Task instructions: Only one stretch of the listing below is wanted. Give it again exactly, from the line with "intro k; exact" through the line with "apply (is_RInt_C_ext (fun x => hatS p x * Cpow".

Supplied records:
(* For every $i\in\{1,2,3\}$ we have $e_i\bar\Lambda e_i=e_iZ(\bar\Lambda)e_i$.
   Context: Let $k$ be an algebraically closed field of characteristic $2$, let $n\geq 3$ and $c=2^{n-2}$. Let $Q$ be the quiver with vertices $1,2,3$ and arrows $\beta:1\to 2$, $\gamma:2\to 1$, $\delta:2\to 3$, $\eta:3\to 2$, $\kappa:1\to 3$, $\lambda:3\to 1$. Paths are written left to right: $xy$ means first $x$, then $y$; $e_i$ denotes (the image in $\bar\Lambda$ of) the trivial path at vertex $i$. Let $I\subseteq kQ$ be the ideal generated by $\beta\delta-\kappa\lambda\kappa$, $\eta\gamma-\lambda\kappa\lambda$, $\delta\lambda-\gamma\beta\gamma$, $\kappa\eta-\beta\gamma\beta$, $\lambda\beta-(\eta\delta)^{c-1}\eta$, $\gamma\kappa-(\delta\eta)^{c-1}\delta$, $\gamma\beta\delta$, $\delta\eta\gamma$, $\lambda\kappa\eta$. Put $\bar\Lambda=kQ/I$ (Erdmann's algebra $Q(3\mathcal{K})^c$). *)

(* Erdmann's algebra Q(3K)^c = kQ/I, encoded via formal
   linear combinations of paths in the path algebra kQ, with the quotient
   handled by the (Prop-valued) ideal-membership predicate. *)
From HB Require Import structures.
From mathcomp Require Import all_boot all_order all_algebra.
Set Implicit Arguments. Unset Strict Implicit. Unset Printing Implicit Defensive.
Import GRing.Theory.
Local Open Scope ring_scope.

(* Vertices 1,2,3 of the paper are the ordinals 0,1,2 of 'I_3. *)
Definition vertex := 'I_3.
Definition v1 : vertex := @Ordinal 3 0 isT.
Definition v2 : vertex := @Ordinal 3 1 isT.
Definition v3 : vertex := @Ordinal 3 2 isT.

Definition arrow := 'I_6.
Definition a_beta   : arrow := @Ordinal 6 0 isT.
Definition a_gamma  : arrow := @Ordinal 6 1 isT.
Definition a_delta  : arrow := @Ordinal 6 2 isT.
Definition a_eta    : arrow := @Ordinal 6 3 isT.
Definition a_kappa  : arrow := @Ordinal 6 4 isT.
Definition a_lambda : arrow := @Ordinal 6 5 isT.

(* beta:1->2, gamma:2->1, delta:2->3, eta:3->2, kappa:1->3, lambda:3->1 *)
Definition src (a : arrow) : vertex :=
  nth v1 [:: v1; v2; v2; v3; v1; v3] a.
Definition tgt (a : arrow) : vertex :=
  nth v1 [:: v2; v1; v3; v2; v3; v1] a.

(* A path: start vertex and the word of arrows, read left to right
   (xy = first x then y). (i, [::]) is the trivial path e_i. *)
Definition path := (vertex * seq arrow)%type.

Fixpoint composable (v : vertex) (w : seq arrow) : bool :=
  if w is a :: w' then (src a == v) && composable (tgt a) w' else true.
Definition valid (p : path) : bool := composable p.1 p.2.
Definition pend (p : path) : vertex := last p.1 [seq tgt a | a <- p.2].

Section PathAlgebra.
Variable k : fieldType.

Definition kQ := seq (k * path)%type.

(* Coefficient of the (valid) path p; invalid "paths" count as zero. *)
Definition coef (x : kQ) (p : path) : k :=
  \sum_(t <- x | valid t.2 && (t.2 == p)) t.1.

Definition eqkQ (x y : kQ) : Prop := forall p : path, coef x p = coef y p.

Definition addQ (x y : kQ) : kQ := x ++ y.
Definition scaleQ (c : k) (x : kQ) : kQ := [seq (c * t.1, t.2) | t <- x].
Definition subQ (x y : kQ) : kQ := addQ x (scaleQ (-1) y).
Definition mulQ (x y : kQ) : kQ :=
  flatten [seq [seq (t.1 * u.1, (t.2.1, t.2.2 ++ u.2.2))
               | u <- y & valid t.2 && valid u.2 && (pend t.2 == u.2.1)]
          | t <- x].

Definition pth (p : path) : kQ := [:: (1, p)].
Definition idem (i : vertex) : kQ := pth (i, [::]).
Definition arr (a : arrow) : kQ := pth (src a, [:: a]).

Definition b := arr a_beta.
Definition g := arr a_gamma.
Definition d := arr a_delta.
Definition h := arr a_eta.
Definition kp := arr a_kappa.
Definition l := arr a_lambda.

Definition mul3 x y z := mulQ (mulQ x y) z.

Definition powz (x y : kQ) (m : nat) (z : kQ) : kQ :=
  iter m (fun w => mulQ (mulQ x y) w) z.

Definition cpar (n : nat) : nat := 2 ^ (n - 2).

Definition gens (n : nat) : seq kQ :=
  [:: subQ (mulQ b d) (mul3 kp l kp);
      subQ (mulQ h g) (mul3 l kp l);
      subQ (mulQ d l) (mul3 g b g);
      subQ (mulQ kp h) (mul3 b g b);
      subQ (mulQ l b) (powz h d (cpar n).-1 h);
      subQ (mulQ g kp) (powz d h (cpar n).-1 d);
      mul3 g b d;
      mul3 d h g;
      mul3 l kp h ].

Definition gen (n : nat) (j : 'I_9) : kQ := nth [::] (gens n) j.

Definition inI (n : nat) (x : kQ) : Prop :=
  exists s : seq (k * path * 'I_9 * path)%type,
    eqkQ x (flatten [seq scaleQ t.1.1.1
                       (mul3 (pth t.1.1.2) (gen n t.1.2) (pth t.2)) | t <- s]).

Definition centralI (n : nat) (z : kQ) : Prop :=
  forall y : kQ, inI n (subQ (mulQ z y) (mulQ y z)).

End PathAlgebra.

From Pilot Require Import Defs.
From HB Require Import structures.
From mathcomp Require Import all_boot all_order all_algebra.
From mathcomp Require Import ring.
Set Implicit Arguments. Unset Strict Implicit. Unset Printing Implicit Defensive.
Import GRing.Theory.
Local Open Scope ring_scope.

(* Modulo I every path is zero or equal to a normal word: rewriting with the
   relations while appending one arrow at a time keeps words in a finite list
   of shapes.  The normal words that are cycles at a vertex are e_i, beta gamma,
   kappa lambda, (beta gamma)^2, gamma beta, lambda kappa, (delta eta)^j and
   (eta delta)^j, and each is the corner at its vertex of the central element
   1, beta gamma + gamma beta, kappa lambda + lambda kappa,
   (beta gamma)^2 + (gamma beta)^2 or (delta eta)^j + (eta delta)^j; such a sum
   of cycles is central once it commutes with every arrow.  Linearity then
   gives e_i L e_i <= e_i Z(L) e_i for L = kQ/I; the converse inclusion is
   trivial. *)

Section PathAlgebra.
Variable k : fieldType.
Implicit Types (x y z : kQ k) (c : k) (p q : Defs.path) (t u : k * Defs.path).

Definition adjacent p q := valid p && valid q && (pend p == q.1).

Definition mul_term t y : kQ k :=
  [seq (t.1 * u.1, (t.2.1, t.2.2 ++ u.2.2)) | u <- y & adjacent t.2 u.2].

Lemma coef_nil p : coef (@nil (k * Defs.path)) p = 0.
Proof. by rewrite /coef big_nil. Qed.

Lemma coef_cons c q x p :
  coef ((c, q) :: x) p = (if valid q && (q == p) then c else 0) + coef x p.
Proof. by rewrite /coef big_cons /=; case: ifP => _ //; rewrite add0r. Qed.

Lemma coef_cat x y p : coef (x ++ y) p = coef x p + coef y p.
Proof. by rewrite /coef big_cat. Qed.

Lemma coef_scale c x p : coef (scaleQ c x) p = c * coef x p.
Proof.
elim: x => [|[a q] x IH]; first by rewrite coef_nil mulr0.
rewrite /= !coef_cons IH mulrDr; congr (_ + _).
by case: ifP; rewrite ?mulr0.
Qed.

Lemma coef_sub x y p : coef (subQ x y) p = coef x p - coef y p.
Proof. by rewrite coef_cat coef_scale mulN1r. Qed.

Lemma coef_pth q p : coef (pth k q) p = if valid q && (q == p) then 1 else 0.
Proof. by rewrite coef_cons coef_nil addr0. Qed.

Lemma mulQ_cons t x y : mulQ (t :: x) y = mul_term t y ++ mulQ x y.
Proof. by []. Qed.

Lemma mulQ_single t y : mulQ [:: t] y = mul_term t y.
Proof. by rewrite mulQ_cons cats0. Qed.

Lemma mulQ_catl x1 x2 y : mulQ (x1 ++ x2) y = mulQ x1 y ++ mulQ x2 y.
Proof. by rewrite /mulQ map_cat flatten_cat. Qed.

Lemma mul_term_nil t : mul_term t [::] = [::].
Proof. by []. Qed.

Lemma mul_term_cons t u y : mul_term t (u :: y) =
  (if adjacent t.2 u.2 then [:: (t.1 * u.1, (t.2.1, t.2.2 ++ u.2.2))] else [::])
  ++ mul_term t y.
Proof. by rewrite /mul_term /=; case: ifP. Qed.

Lemma mul_term_cat t y1 y2 : mul_term t (y1 ++ y2) = mul_term t y1 ++ mul_term t y2.
Proof. by rewrite /mul_term filter_cat map_cat. Qed.

Lemma coef_mul_term_scale c q y p :
  coef (mul_term (c, q) y) p = c * coef (mul_term (1, q) y) p.
Proof.
elim: y => [|u y IH]; first by rewrite coef_nil mulr0.
rewrite !mul_term_cons !coef_cat IH mulrDr /=.
case: (adjacent _ _); rewrite ?coef_cons ?coef_nil; last by ring.
by case: (valid _ && _); ring.
Qed.

Lemma coef_mulQ_nilr x p : coef (mulQ x [::]) p = 0.
Proof. by elim: x => [|t x IH]; rewrite ?coef_nil // mulQ_cons. Qed.

Lemma coef_mulQ_catr x y1 y2 p :
  coef (mulQ x (y1 ++ y2)) p = coef (mulQ x y1) p + coef (mulQ x y2) p.
Proof.
elim: x => [|t x IH]; first by rewrite !coef_nil addr0.
by rewrite !mulQ_cons mul_term_cat !coef_cat IH addrACA.
Qed.

Lemma coef_mulQ_scalel c x y p : coef (mulQ (scaleQ c x) y) p = c * coef (mulQ x y) p.
Proof.
elim: x => [|[a q] x IH]; first by rewrite coef_nil mulr0.
rewrite /= !mulQ_cons !coef_cat IH mulrDr.
by rewrite coef_mul_term_scale [in RHS]coef_mul_term_scale mulrA.
Qed.

Lemma coef_mulQ_scaler c x y p : coef (mulQ x (scaleQ c y)) p = c * coef (mulQ x y) p.
Proof.
elim: x => [|t x IH]; first by rewrite coef_nil mulr0.
rewrite !mulQ_cons !coef_cat IH mulrDr; congr (_ + _); clear IH.
elim: y => [|u y IH]; first by rewrite coef_nil mulr0.
rewrite /= !mul_term_cons !coef_cat IH mulrDr /=.
case: (adjacent _ _); rewrite ?coef_cons ?coef_nil; last by ring.
by case: (valid _ && _); ring.
Qed.

Lemma coef_mulQ_termr x c q p : coef (mulQ x [:: (c, q)]) p = c * coef (mulQ x (pth k q)) p.
Proof. by rewrite -coef_mulQ_scaler /= mulr1. Qed.
(* The limsup hypothesis, with eps = 1/e^2, yields a radius 0 < r < a on
   which the weighted coefficients are at most beta. *)
Lemma coefficient_radius n a (W : nat -> R -> R) : 0 < a ->
  (forall k, (k < n)%nat -> forall eps, 0 < eps -> exists eta, 0 < eta /\
     forall x, -a < x < a -> 0 < Rabs x < eta -> W k x <= / exp 1 + eps) ->
  exists r, 0 < r /\ r < a /\
    forall k x, (k < n)%nat -> 0 < Rabs x <= r -> W k x <= beta.
Proof.
  intros Ha Hlim.
  assert (Heps : 0 < / (exp 1 * exp 1)).
  { pose proof (exp_pos 1). apply Rinv_0_lt_compat; nra. }
  destruct (common_radius n (fun k eta => forall x, -a < x < a ->
              0 < Rabs x < eta -> W k x <= beta)) as [eta [Heta Hu]].
  - intros k e e' He P x Hx Hx'. apply P; auto; lra.
  - intros k Hk. exact (Hlim k Hk _ Heps).
  - set (r := Rmin eta a / 2).
    assert (0 < Rmin eta a) by (apply Rmin_glb_lt; auto).
    pose proof (Rmin_l eta a). pose proof (Rmin_r eta a).
    exists r. unfold r. split; [lra | split; [lra|]].
    intros k x Hk Hx. pose proof (Rabs_le_between x _ (proj2 Hx)) as Hx'.
    apply Hu; [exact Hk | lra | lra].
Qed.
Lemma positive_spectrum_hatS_mult (h : R -> C) :
  (forall x, Cmod (h x) <= 1) -> nonneg_spectrum h ->
  positive_spectrum (fun x => hatS p x * h x)%C.
Proof.
  intros h_le1 h_spec k; set (q := fun x => (h x * cis (INR k * x))%C).
  apply (is_RInt_C_ext (fun x => hatS p x * q x)%C).
  { intro x; unfold q; ring. }
  apply (@is_RInt_unif_lim C_R_CompleteNormedModule (fun N x => hatS_partial p N x * q x)%C _
    (fun N => sqrt 2 * (1 - sum_n p N))).
  - assert (term_int : forall j,
      is_RInt (fun x => p j * cis (INR j * x) * q x)%C (- PI) PI (RtoC 0)).
    { intros [|j].
      - destruct Hp as [p0 _]; rewrite p0.
        apply (is_RInt_C_ext (fun _ => RtoC 0)); [intro x; ring | apply is_RInt_C0].
      - apply (is_RInt_C_ext (fun x => p (S j) * (h x * cis (INR (S (j + k)) * x)))%C).
        { intro x; unfold q.
          replace (INR (S (j + k)) * x) with (INR (S j) * x + INR k * x)
            by (rewrite <- Rmult_plus_distr_r, <- plus_INR; reflexivity).
          rewrite cis_add; ring. }
        replace (RtoC 0) with (p (S j) * RtoC 0)%C by ring.
        apply is_RInt_Cmult_l, h_spec. }
    intro N; induction N as [|N IH].
    + apply (is_RInt_C_ext (fun x => p 0%nat * cis (INR 0 * x) * q x)%C), term_int.
      intro x; rewrite hatS_partial_0; reflexivity.
    + replace (RtoC 0) with (RtoC 0 + RtoC 0)%C by ring.
      apply (is_RInt_C_ext (fun x => hatS_partial p N x * q x
                                     + p (S N) * cis (INR (S N) * x) * q x)%C).
      { intro x; rewrite hatS_partial_succ; ring. }
      apply is_RInt_Cplus; [exact IH | apply term_int].
  - replace (Finite 0) with (Rbar_mult (sqrt 2) 0) by (simpl; f_equal; ring).
    apply is_lim_seq_scal_l, is_lim_seq_law_tail.
  - intros N x; rewrite norm_C; change (minus ?u ?v) with (u - v)%C.
    replace (hatS p x * q x - hatS_partial p N x * q x)%C
      with ((hatS p x - hatS_partial p N x) * q x)%C by ring.
    rewrite Cmod_mult; unfold q; rewrite Cmod_mult, Cmod_cis, Rmult_1_r.
    pose proof (Cmod_hatS_sub_partial N x); pose proof (h_le1 x).
    pose proof (Cmod_ge_0 (hatS p x - hatS_partial p N x)); pose proof (Cmod_ge_0 (h x)).
    nra.
Qed.

Lemma Cmod_hatS_pow_le1 n x : Cmod (Cpow (hatS p x) n) <= 1.
Proof.
  rewrite Cmod_pow, <- (pow1 n); apply pow_incr.
  split; [apply Cmod_ge_0 | apply Cmod_hatS_le1].
Qed.

Lemma nonneg_spectrum_hatS_pow n : nonneg_spectrum (fun x => Cpow (hatS p x) n).
Proof.
  induction n as [|n IH]; [exact nonneg_spectrum_1 |].
  intro k; exact (positive_spectrum_hatS_mult _ (Cmod_hatS_pow_le1 n) IH (S k)).
Qed.

Lemma is_RInt_hatS_pow n : is_RInt (fun x => Cpow (hatS p x) (S n)) (- PI) PI (RtoC 0).
Proof.
  apply (is_RInt_C_ext (fun x => hatS p x * Cpow (hatS p x) n * cis (INR 0 * x))%C).
  - intro x; change (INR 0) with 0; rewrite Rmult_0_l, cis_0; simpl; ring.
  - exact (positive_spectrum_hatS_mult _ (Cmod_hatS_pow_le1 n)
             (nonneg_spectrum_hatS_pow n) 0%nat).
Qed.

Lemma is_RInt_hatS_geom (w : C) : Cmod w < 1 ->
  is_RInt (fun x => w * hatS p x / (1 - w * hatS p x))%C (- PI) PI (RtoC 0).
Proof.
  intros w_lt1; pose proof (Cmod_ge_0 w); set (r := Cmod w) in *.
  assert (z_le : forall x, Cmod (w * hatS p x) <= r).
  { intro x; rewrite Cmod_mult; pose proof (Cmod_hatS_le1 x); pose proof (Cmod_ge_0 (hatS p x)).
    fold r; nra. }
  apply (@is_RInt_unif_lim C_R_CompleteNormedModule
    (fun N x => sum_n (fun n => Cpow (w * hatS p x) (S n)) N) _ (fun N => r ^ N / (1 - r))).
  - assert (term_int : forall n,
      is_RInt (fun x => Cpow (w * hatS p x) (S n)) (- PI) PI (RtoC 0)).
    { intro n; apply (is_RInt_C_ext (fun x => Cpow w (S n) * Cpow (hatS p x) (S n))%C).
      - intro x; symmetry; apply Cpow_mult_l.
      - replace (RtoC 0) with (Cpow w (S n) * RtoC 0)%C by ring.
        apply is_RInt_Cmult_l, is_RInt_hatS_pow. }
    intro N; induction N as [|N IH].
    + apply (is_RInt_C_ext _ _ _ _ _ (fun x => eq_sym (sum_O _))), term_int.
    + replace (RtoC 0) with (RtoC 0 + RtoC 0)%C by ring.
      apply (is_RInt_C_ext (fun x => sum_n (fun n => Cpow (w * hatS p x) (S n)) N
                                     + Cpow (w * hatS p x) (S (S N)))%C).
      { intro x; rewrite sum_Sn; reflexivity. }
      apply is_RInt_Cplus; [exact IH | apply term_int].
  - replace (Finite 0) with (Rbar_mult 0 (/ (1 - r))) by (simpl; f_equal; ring).
    apply is_lim_seq_scal_r, is_lim_seq_geom; rewrite Rabs_pos_eq; lra.
  - intros N x; rewrite norm_C; change (minus ?u ?v) with (u - v)%C.
    set (z := (w * hatS p x)%C); pose proof (z_le x) as z_le_r; fold z in z_le_r.
    pose proof (Cmod_ge_0 z); pose proof (Cmod_1_minus_ge z).
    rewrite geom_remainder, Cmod_div, Cmod_pow by (lra || apply Cminus_1_neq0; lra).
    assert (z_pow_le : Cmod z ^ N <= r ^ N) by (apply pow_incr; lra).
    pose proof (pow_le (Cmod z) N).
    unfold Rdiv; apply Rmult_le_compat.
    + apply pow_le; lra.
    + left; apply Rinv_0_lt_compat; lra.
    + apply (Rle_trans _ (Cmod z ^ N)); [simpl | exact z_pow_le].
      assert (Cmod z * Cmod z ^ N <= Cmod z ^ N) by nra; nra.
    + apply Rinv_le_contravar; lra.
Qed.
Lemma cont_onD f g : cont_on f -> cont_on g -> cont_on (fun x => f x + g x).
Proof. by move=> cf cg x; exact: cvgD (cf x) (cg x). Qed.

Lemma cont_onM f g : cont_on f -> cont_on g -> cont_on (fun x => f x * g x).
Proof. by move=> cf cg x; exact: cvgM (cf x) (cg x). Qed.

Lemma cont_onN f : cont_on f -> cont_on (fun x => - f x).
Proof. by move=> cf x; exact: cvgN (cf x). Qed.

Lemma cont_on_cst c : cont_on (fun=> c).
Proof. by move=> x; exact: cvg_cst. Qed.

Lemma cont_on_derivable f : (forall x, derivable f x 1) -> cont_on f.
Proof. by move=> df; apply: derivable_within_continuous => x _; exact: df. Qed.

Lemma cont_on_integrable f : cont_on f -> leb.-integrable `[0, b] (EFin \o f).
Proof.
by move=> cf; apply: continuous_compact_integrable => //; exact: segment_compact.
Qed.

Lemma cont_on_primitive f F c : leb.-integrable `[0, b] (EFin \o f) ->
  (forall x, seg x -> F x = c + \int[leb]_(t in `[0, x]) f t) -> cont_on F.
Proof.
move=> intf HF.
have cG := parameterized_integral_continuous (ltW b_gt0) intf.
apply: (@eq_cont_on (fun x => c + parameterized_integral leb 0 x f)).
  by move=> x /HF ->.
by apply: cont_onD => //; exact: cont_on_cst.
Qed.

Solution to this problem:
  intro k; exact (positive_spectrum_hatS_mult _ (Cmod_hatS_pow_le1 n) IH (S k)).
Qed.

Lemma is_RInt_hatS_pow n : is_RInt (fun x => Cpow (hatS p x) (S n)) (- PI) PI (RtoC 0).
Proof.
  apply (is_RInt_C_ext (fun x => hatS p x * Cpow (hatS p x) n * cis (INR 0 * x))%C).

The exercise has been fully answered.